(* Let $c,d\in\mathbb{N}$, $I=\mathbb{N}^d\times[c]$, $I_n=[n]^d\times[c]$, let $L\subseteq\mathbb{Z}^{(I)}$ be a lattice and $L_n=L\cap\mathbb{Z}^{(I_n)}$ for $n\ge1$. (i) If for every $n\ge1$, $\mathcal{B}_n\subseteq L_n$ is a generating set (respectively Markov basis, universal Gröbner basis, Graver basis) of $L_n$, then $\mathcal{B}=\bigcup_{n\ge1}\mathcal{B}_n$ is a generating set (respectively Markov basis, universal Gröbner basis, Graver basis) of $L$. Also, if $\prec$ is a term order on $\mathbb{Z}_{\ge0}^{(I)}$ and each $\mathcal{B}_n$ is a Gröbner basis of $L_n$ with respect to the restriction of $\prec$ to $\mathbb{Z}_{\ge0}^{(I_n)}$, then $\mathcal{B}$ is a Gröbner basis of $L$ with respect to $\prec$. (ii) If $\mathcal{G}$ is the Graver basis of $L$, then $\mathcal{G}\cap\mathbb{Z}^{(I_n)}$ is the Graver basis of $L_n$ for all $n\ge1$.
   Context: $\mathbb{N}=\{1,2,\dots\}$. For a set $J$, $\mathbb{Z}^{(J)}$ is the free abelian group with basis $J$, $\mathbb{Z}_{\ge0}^{(J)}$ its nonnegative vectors; $\mathbb{Z}^{(I_n)}\subseteq\mathbb{Z}^{(I)}$ by extension by zero; a lattice is a subgroup. $\mathbf{u}\sqsubseteq\mathbf{v}$ iff $u_jv_j\ge0$ and $|u_j|\le|v_j|$ for all $j$. A term order is an additive well-ordering of $\mathbb{Z}_{\ge0}^{(J)}$. For a lattice $L\subseteq\mathbb{Z}^{(J)}$ and $\mathbf{u}\in\mathbb{Z}_{\ge0}^{(J)}$, $F_L(\mathbf{u})=\{\mathbf{v}\in\mathbb{Z}_{\ge0}^{(J)}\mid\mathbf{u}-\mathbf{v}\in L\}$. For $\mathcal{B}\subseteq L$: generating set = generates $L$ as a group; Markov basis = for every $\mathbf{u}$ the graph on $F_L(\mathbf{u})$ with edges $\{\mathbf{v},\mathbf{w}\}$ for $\mathbf{v}-\mathbf{w}\in\pm\mathcal{B}$ is connected; Gröbner basis w.r.t. $\prec$ = for every $\mathbf{u}$ there is a directed path from $\mathbf{u}$ to the $\prec$-minimal element of $F_L(\mathbf{u})$ in the graph on $F_L(\mathbf{u})$ with an edge from $\mathbf{v}$ to $\mathbf{w}$ whenever $\mathbf{v}-\mathbf{w}\in\pm\mathcal{B}$ and $\mathbf{w}\prec\mathbf{v}$; universal Gröbner basis = Gröbner basis w.r.t. every term order. The Graver basis is the set of $\sqsubseteq$-minimal elements of $L\setminus\{\mathbf{0}\}$. *)

From mathcomp Require Import all_boot all_order all_algebra.
From Stdlib Require Import Relations.Relation_Operators.
Set Implicit Arguments. Unset Strict Implicit. Unset Printing Implicit Defensive.
Import Order.TTheory GRing.Theory Num.Theory.
Local Open Scope ring_scope.

(* Ambient index type: (nat^d) x [c]; the actual index set
   I = N^d x [c] (N = {1,2,...}) is the predicate [Itop] below, and
   I_n = [n]^d x [c] is the predicate [In n]. [c] is represented by 'I_c. *)
Definition idx (d c : nat) := (d.-tuple nat * 'I_c)%type.

Definition Itop {d c : nat} (i : idx d c) : bool :=
  all (fun x => (0 < x)%N) (tval i.1).
Definition In {d c : nat} (n : nat) (i : idx d c) : bool :=
  all (fun x => (0 < x <= n)%N) (tval i.1).

Definition vec d c := idx d c -> int.
Definition vzero {d c} : vec d c := fun _ => 0.
Definition vsub {d c} (u v : vec d c) : vec d c := fun j => u j - v j.
Definition vadd {d c} (u v : vec d c) : vec d c := fun j => u j + v j.
Definition nonzero {d c} (v : vec d c) : Prop := exists j, v j != 0.

Definition inZJ {d c} (J : pred (idx d c)) (v : vec d c) : Prop :=
  (exists s : seq (idx d c), forall j, v j != 0 -> j \in s) /\
  (forall j, v j != 0 -> J j).

Definition nonnegJ {d c} (J : pred (idx d c)) (v : vec d c) : Prop :=
  inZJ J v /\ forall j, 0 <= v j.

Definition is_lattice {d c} (J : pred (idx d c)) (L : vec d c -> Prop) : Prop :=
  L vzero /\ (forall u v, L u -> L v -> L (vsub u v)) /\ (forall v, L v -> inZJ J v).

Definition Lcap {d c} (L : vec d c -> Prop) (n : nat) : vec d c -> Prop :=
  fun v => L v /\ inZJ (In n) v.

Inductive zspan {d c} (B : vec d c -> Prop) : vec d c -> Prop :=
| zspan0 : zspan B vzero
| zspan_add v b : zspan B v -> B b -> zspan B (vadd v b)
| zspan_sub v b : zspan B v -> B b -> zspan B (vsub v b).

Definition generating_set {d c} (L B : vec d c -> Prop) : Prop :=
  (forall b, B b -> L b) /\ (forall v, L v -> zspan B v).

Definition fiber {d c} (J : pred (idx d c)) (L : vec d c -> Prop) (u : vec d c)
  : vec d c -> Prop := fun v => nonnegJ J v /\ L (vsub u v).

Definition pmB {d c} (B : vec d c -> Prop) (v w : vec d c) : Prop :=
  B (vsub v w) \/ B (vsub w v).

Definition markov_basis {d c} (J : pred (idx d c)) (L B : vec d c -> Prop) : Prop :=
  (forall b, B b -> L b) /\
  forall u, nonnegJ J u -> forall v w, fiber J L u v -> fiber J L u w ->
    clos_refl_trans (vec d c)
      (fun x y => fiber J L u x /\ fiber J L u y /\ pmB B x y) v w.

Definition term_order {d c} (J : pred (idx d c)) (prec : vec d c -> vec d c -> Prop)
  : Prop :=
  (forall u, nonnegJ J u -> ~ prec u u) /\
  (forall u v w, nonnegJ J u -> nonnegJ J v -> nonnegJ J w ->
     prec u v -> prec v w -> prec u w) /\
  (forall u v, nonnegJ J u -> nonnegJ J v -> prec u v \/ u = v \/ prec v u) /\
  well_founded (fun u v => nonnegJ J u /\ nonnegJ J v /\ prec u v) /\
  (forall u v w, nonnegJ J u -> nonnegJ J v -> nonnegJ J w ->
     prec u v -> prec (vadd u w) (vadd v w)).

Definition groebner_basis {d c} (J : pred (idx d c)) (L : vec d c -> Prop)
  (prec : vec d c -> vec d c -> Prop) (B : vec d c -> Prop) : Prop :=
  (forall b, B b -> L b) /\
  forall u, nonnegJ J u -> forall m, fiber J L u m ->
    (forall v, fiber J L u v -> ~ prec v m) ->
    clos_refl_trans (vec d c)
      (fun x y => fiber J L u x /\ fiber J L u y /\ pmB B x y /\ prec y x) u m.

Definition universal_groebner_basis {d c} (J : pred (idx d c))
  (L B : vec d c -> Prop) : Prop :=
  (forall b, B b -> L b) /\
  forall prec, term_order J prec -> groebner_basis J L prec B.

Definition conf {d c} (u v : vec d c) : Prop :=
  forall j, 0 <= u j * v j /\ `|u j| <= `|v j|.

Definition graver_basis {d c} (L G : vec d c -> Prop) : Prop :=
  forall v, G v <-> (L v /\ nonzero v /\
                     forall u, L u -> nonzero u -> conf u v -> u = v).

Definition bigunion {d c} (Bs : nat -> vec d c -> Prop) : vec d c -> Prop :=
  fun v => exists n, (0 < n)%N /\ Bs n v.

From mathcomp Require Import all_boot all_order all_algebra.
From Stdlib Require Import Relations.Relation_Operators Wellfounded.Inclusion.
Import Order.TTheory GRing.Theory Num.Theory.
Set Implicit Arguments. Unset Strict Implicit. Unset Printing Implicit Defensive.
Local Open Scope ring_scope.

(* Everything is local.  A finitely supported vector of Z^(I) lies in Z^(I_n)
   for all large n, so finitely many vectors of L lie in a common L_n.
   Fibers restrict well: for u in Z^(I_n), F_{L_n}(u) is F_L(u) cut down to
   Z^(I_n).  Hence a Z-combination, a Markov path or a Groebner reduction path
   found in L_n is one in L; a Groebner-minimal element of F_L(u) stays
   minimal in F_{L_n}(u); and since u ⊑ v forces supp u ⊆ supp v,
   ⊑-minimality of a vector of L_n is the same in L_n and in L. *)

Lemma clos_refl_trans_mono (A : Type) (R S : A -> A -> Prop) x y :
  (forall a b, R a b -> S a b) ->
  clos_refl_trans A R x y -> clos_refl_trans A S x y.
Proof.
move=> sRS; elim=> [a b /sRS|a|a b e _ IHab _ IHbe].
- exact: rt_step.
- exact: rt_refl.
- exact: rt_trans IHab IHbe.
Qed.

Section Supports.
Variables d c : nat.
Implicit Types (u v w : vec d c) (J K : pred (idx d c)).

Lemma inZJ_sub J u v : inZJ J u -> inZJ J v -> inZJ J (vsub u v).
Proof.
move=> [[s su] Ju] [[t tv] Jv].
have nz_uv j : u j - v j != 0 -> (u j != 0) || (v j != 0).
  by case: (eqVneq (u j) 0) => [->|//]; rewrite sub0r oppr_eq0.
split; first by exists (s ++ t) => j /nz_uv /orP[/su|/tv];
  rewrite mem_cat => ->; rewrite ?orbT.
by move=> j /nz_uv /orP[/Ju|/Jv].
Qed.

Lemma inZJ_subset J K v : {subset J <= K} -> inZJ J v -> inZJ K v.
Proof. by move=> sJK [fin_v Jv]; split=> // j /Jv /sJK. Qed.

Lemma conf_inZJ J u v : conf u v -> inZJ J v -> inZJ J u.
Proof.
move=> uv [[s sv] Jv].
have nz_v j : u j != 0 -> v j != 0.
  by apply: contraNN => /eqP v0; have [_] := uv j; rewrite v0 normr0 normr_le0.
by split; [exists s => j /nz_v /sv | move=> j /nz_v /Jv].
Qed.

Lemma In_Itop n : {subset In n <= @Itop d c}.
Proof. by move=> j /allP In_j; apply/allP => x /In_j /andP[]. Qed.

Lemma In_le m n : (m <= n)%N -> {subset In m <= @In d c n}.
Proof.
move=> le_mn j /allP In_j; apply/allP => x /In_j /andP[-> le_xm] /=.
exact: leq_trans le_xm le_mn.
Qed.

Lemma inZJ_Itop_In v : inZJ Itop v -> exists2 n, (0 < n)%N & inZJ (In n) v.
Proof.
move=> [[s sv] Iv].
pose Nj (j : idx d c) := \max_(x <- tval j.1) x.
pose N := \max_(j <- s) Nj j.
exists N.+1 => //; split; first by exists s.
move=> j nz_j; apply/allP => x x_j; rewrite (allP (Iv j nz_j)) //=.
apply/leqW/(leq_trans (@leq_bigmax_seq _ _ xpredT id _ x_j isT)).
exact: (@leq_bigmax_seq _ _ xpredT Nj _ (sv j nz_j)).
Qed.

Lemma inZJ_Itop_In2 v w : inZJ Itop v -> inZJ Itop w ->
  exists2 n, (0 < n)%N & inZJ (In n) v /\ inZJ (In n) w.
Proof.
move=> /inZJ_Itop_In[m m_gt0 vm] /inZJ_Itop_In[n _ wn].
have [le_m le_n] := (In_le (leq_maxl m n), In_le (leq_maxr m n)).
exists (maxn m n); first by rewrite leq_max m_gt0.
by split; [apply: inZJ_subset vm | apply: inZJ_subset wn].
Qed.

Lemma inZJ_Itop_In3 u v w : inZJ Itop u -> inZJ Itop v -> inZJ Itop w ->
  exists2 n, (0 < n)%N & [/\ inZJ (In n) u, inZJ (In n) v & inZJ (In n) w].
Proof.
move=> Iu /(inZJ_Itop_In2 Iu)[m m_gt0 [um vm]] /inZJ_Itop_In[n _ wn].
have [le_m le_n] := (In_le (leq_maxl m n), In_le (leq_maxr m n)).
exists (maxn m n); first by rewrite leq_max m_gt0.
by split; [apply: inZJ_subset um | apply: inZJ_subset vm | apply: inZJ_subset wn].
Qed.

Lemma nonnegJ_In_Itop n v : nonnegJ (In n) v -> nonnegJ Itop v.
Proof. by move=> [vn v_ge0]; split=> //; apply: inZJ_subset (@In_Itop n) vn. Qed.

Lemma term_order_In n (prec : vec d c -> vec d c -> Prop) :
  term_order Itop prec -> term_order (In n) prec.
Proof.
have I := @nonnegJ_In_Itop n.
move=> [irr [trans [total [wf add]]]].
split; first by move=> u /I; apply: irr.
split; first by move=> u v w /I ? /I ? /I ?; apply: trans.
split; first by move=> u v /I ? /I ?; apply: total.
split; last by move=> u v w /I ? /I ? /I ?; apply: add.
by apply: wf_incl wf => u v [/I ? [/I ? uv]].
Qed.

End Supports.

Section Restriction.
Variables d c : nat.
Variable L : vec d c -> Prop.
Implicit Types (u v : vec d c) (Bs : nat -> vec d c -> Prop).

Lemma fiber_Lcap n u v : fiber (In n) (Lcap L n) u v -> fiber Itop L u v.
Proof. by move=> [vn [Luv _]]; split=> //; apply: nonnegJ_In_Itop vn. Qed.

Lemma fiber_Lcap_restrict n u v : inZJ (In n) u -> inZJ (In n) v ->
  fiber Itop L u v -> fiber (In n) (Lcap L n) u v.
Proof. by move=> un vn [[_ v_ge0] Luv]; do 2!split=> //; apply: inZJ_sub. Qed.

Lemma pmB_bigunion Bs n x y : (0 < n)%N -> pmB (Bs n) x y -> pmB (bigunion Bs) x y.
Proof. by move=> n_gt0 [Bxy|Byx]; [left|right]; exists n. Qed.

Lemma bigunion_sub_lattice Bs :
  (forall n, (0 < n)%N -> forall b, Bs n b -> Lcap L n b) ->
  forall b, bigunion Bs b -> L b.
Proof. by move=> sBL b [n [n_gt0 /(sBL n n_gt0)[]]]. Qed.

Lemma markov_basis_bigunion Bs :
  (forall n, (0 < n)%N -> markov_basis (In n) (Lcap L n) (Bs n)) ->
  markov_basis Itop L (bigunion Bs).
Proof.
move=> markovB; split; first by apply: bigunion_sub_lattice => n /markovB[].
move=> u u_ge0 v w Fv Fw.
have [n n_gt0 [un vn wn]] := inZJ_Itop_In3 u_ge0.1 Fv.1.1 Fw.1.1.
have /(markovB n n_gt0).2 path_vw : nonnegJ (In n) u by split; last exact: u_ge0.2.
apply: clos_refl_trans_mono
  (path_vw v w (fiber_Lcap_restrict un vn Fv) (fiber_Lcap_restrict un wn Fw)).
by move=> x y [/fiber_Lcap Fx [/fiber_Lcap Fy /(pmB_bigunion n_gt0) Bxy]].
Qed.

Lemma groebner_basis_bigunion prec Bs :
  (forall n, (0 < n)%N -> groebner_basis (In n) (Lcap L n) prec (Bs n)) ->
  groebner_basis Itop L prec (bigunion Bs).
Proof.
move=> groebB; split; first by apply: bigunion_sub_lattice => n /groebB[].
move=> u u_ge0 m Fm m_min.
have [n n_gt0 [un mn]] := inZJ_Itop_In2 u_ge0.1 Fm.1.1.
have m_min_n v : fiber (In n) (Lcap L n) u v -> ~ prec v m.
  by move=> /fiber_Lcap; apply: m_min.
have /(groebB n n_gt0).2 path_um : nonnegJ (In n) u by split; last exact: u_ge0.2.
apply: clos_refl_trans_mono (path_um m (fiber_Lcap_restrict un mn Fm) m_min_n).
by move=> x y [/fiber_Lcap Fx [/fiber_Lcap Fy [/(pmB_bigunion n_gt0) Bxy xy]]].
Qed.

Lemma universal_groebner_basis_bigunion Bs :
  (forall n, (0 < n)%N -> universal_groebner_basis (In n) (Lcap L n) (Bs n)) ->
  universal_groebner_basis Itop L (bigunion Bs).
Proof.
move=> ugbB; split; first by apply: bigunion_sub_lattice => n /ugbB[].
move=> prec prec_ord; apply: groebner_basis_bigunion => n n_gt0.
exact: (ugbB n n_gt0).2 _ (term_order_In n prec_ord).
Qed.

Lemma graver_basis_Lcap G n : graver_basis L G ->
  graver_basis (Lcap L n) (fun v => G v /\ inZJ (In n) v).
Proof.
move=> graverG v; split.
- move=> [/graverG[Lv [nz_v v_min]] vn]; do 2!split=> //.
  by move=> u [Lu _]; apply: v_min.
- move=> [[Lv vn] [nz_v v_min]]; split=> //; apply/graverG; do 2!split=> //.
  by move=> u Lu nz_u uv; apply: v_min => //; split; last exact: conf_inZJ uv vn.
Qed.

Hypothesis L_supp : forall v, L v -> inZJ Itop v.

Lemma generating_set_bigunion Bs :
  (forall n, (0 < n)%N -> generating_set (Lcap L n) (Bs n)) ->
  generating_set L (bigunion Bs).
Proof.
move=> genB; split; first by apply: bigunion_sub_lattice => n /genB[].
move=> v Lv; have [n n_gt0 vn] := inZJ_Itop_In (L_supp Lv).
have /(genB n n_gt0).2 : Lcap L n v by split.
elim=> [|w b _ IHw Bb|w b _ IHw Bb]; first exact: zspan0.
- by apply: zspan_add IHw _; exists n.
- by apply: zspan_sub IHw _; exists n.
Qed.

Lemma graver_basis_bigunion Bs :
  (forall n, (0 < n)%N -> graver_basis (Lcap L n) (Bs n)) ->
  graver_basis L (bigunion Bs).
Proof.
move=> graverB v; split.
- move=> [n [n_gt0 /(graverB n n_gt0)[[Lv vn] [nz_v v_min]]]]; do 2!split=> //.
  by move=> u Lu nz_u uv; apply: v_min => //; split; last exact: conf_inZJ uv vn.
- move=> [Lv [nz_v v_min]]; have [n n_gt0 vn] := inZJ_Itop_In (L_supp Lv).
  exists n; split=> //; apply/(graverB n n_gt0); do 2!split=> //.
  by move=> u [Lu _]; apply: v_min.
Qed.

End Restriction.

Theorem proposition2p7 (d c : nat) (hd : (0 < d)%N) (hc : (0 < c)%N)
  (L : vec d c -> Prop) (hL : is_lattice Itop L) :
  (* (i) generating sets *)
  (forall Bs : nat -> vec d c -> Prop,
     (forall n, (0 < n)%N -> generating_set (Lcap L n) (Bs n)) ->
     generating_set L (bigunion Bs)) /\
  (* (i) Markov bases *)
  (forall Bs : nat -> vec d c -> Prop,
     (forall n, (0 < n)%N -> markov_basis (In n) (Lcap L n) (Bs n)) ->
     markov_basis Itop L (bigunion Bs)) /\
  (* (i) universal Groebner bases *)
  (forall Bs : nat -> vec d c -> Prop,
     (forall n, (0 < n)%N -> universal_groebner_basis (In n) (Lcap L n) (Bs n)) ->
     universal_groebner_basis Itop L (bigunion Bs)) /\
  (* (i) Graver bases *)
  (forall Bs : nat -> vec d c -> Prop,
     (forall n, (0 < n)%N -> graver_basis (Lcap L n) (Bs n)) ->
     graver_basis L (bigunion Bs)) /\
  (* (i) Groebner bases w.r.t. a fixed term order and its restrictions *)
  (forall prec : vec d c -> vec d c -> Prop, term_order Itop prec ->
   forall Bs : nat -> vec d c -> Prop,
     (forall n, (0 < n)%N -> groebner_basis (In n) (Lcap L n) prec (Bs n)) ->
     groebner_basis Itop L prec (bigunion Bs)) /\
  (* (ii) *)
  (forall G : vec d c -> Prop, graver_basis L G ->
   forall n, (0 < n)%N ->
     graver_basis (Lcap L n) (fun v => G v /\ inZJ (In n) v)).
Proof.
have [_ [_ L_supp]] := hL.
split; first exact: generating_set_bigunion.
split; first exact: markov_basis_bigunion.
split; first exact: universal_groebner_basis_bigunion.
split; first exact: graver_basis_bigunion.
split; first by move=> prec _; apply: groebner_basis_bigunion.
by move=> G graverG n _; apply: graver_basis_Lcap.
Qed.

________________

Copy the entries above exactly, but only from the line holding "for all large" through the line holding "Groebner reduction path", both included.

   for all large n, so finitely many vectors of L lie in a common L_n.
   Fibers restrict well: for u in Z^(I_n), F_{L_n}(u) is F_L(u) cut down to
   Z^(I_n).  Hence a Z-combination, a Markov path or a Groebner reduction path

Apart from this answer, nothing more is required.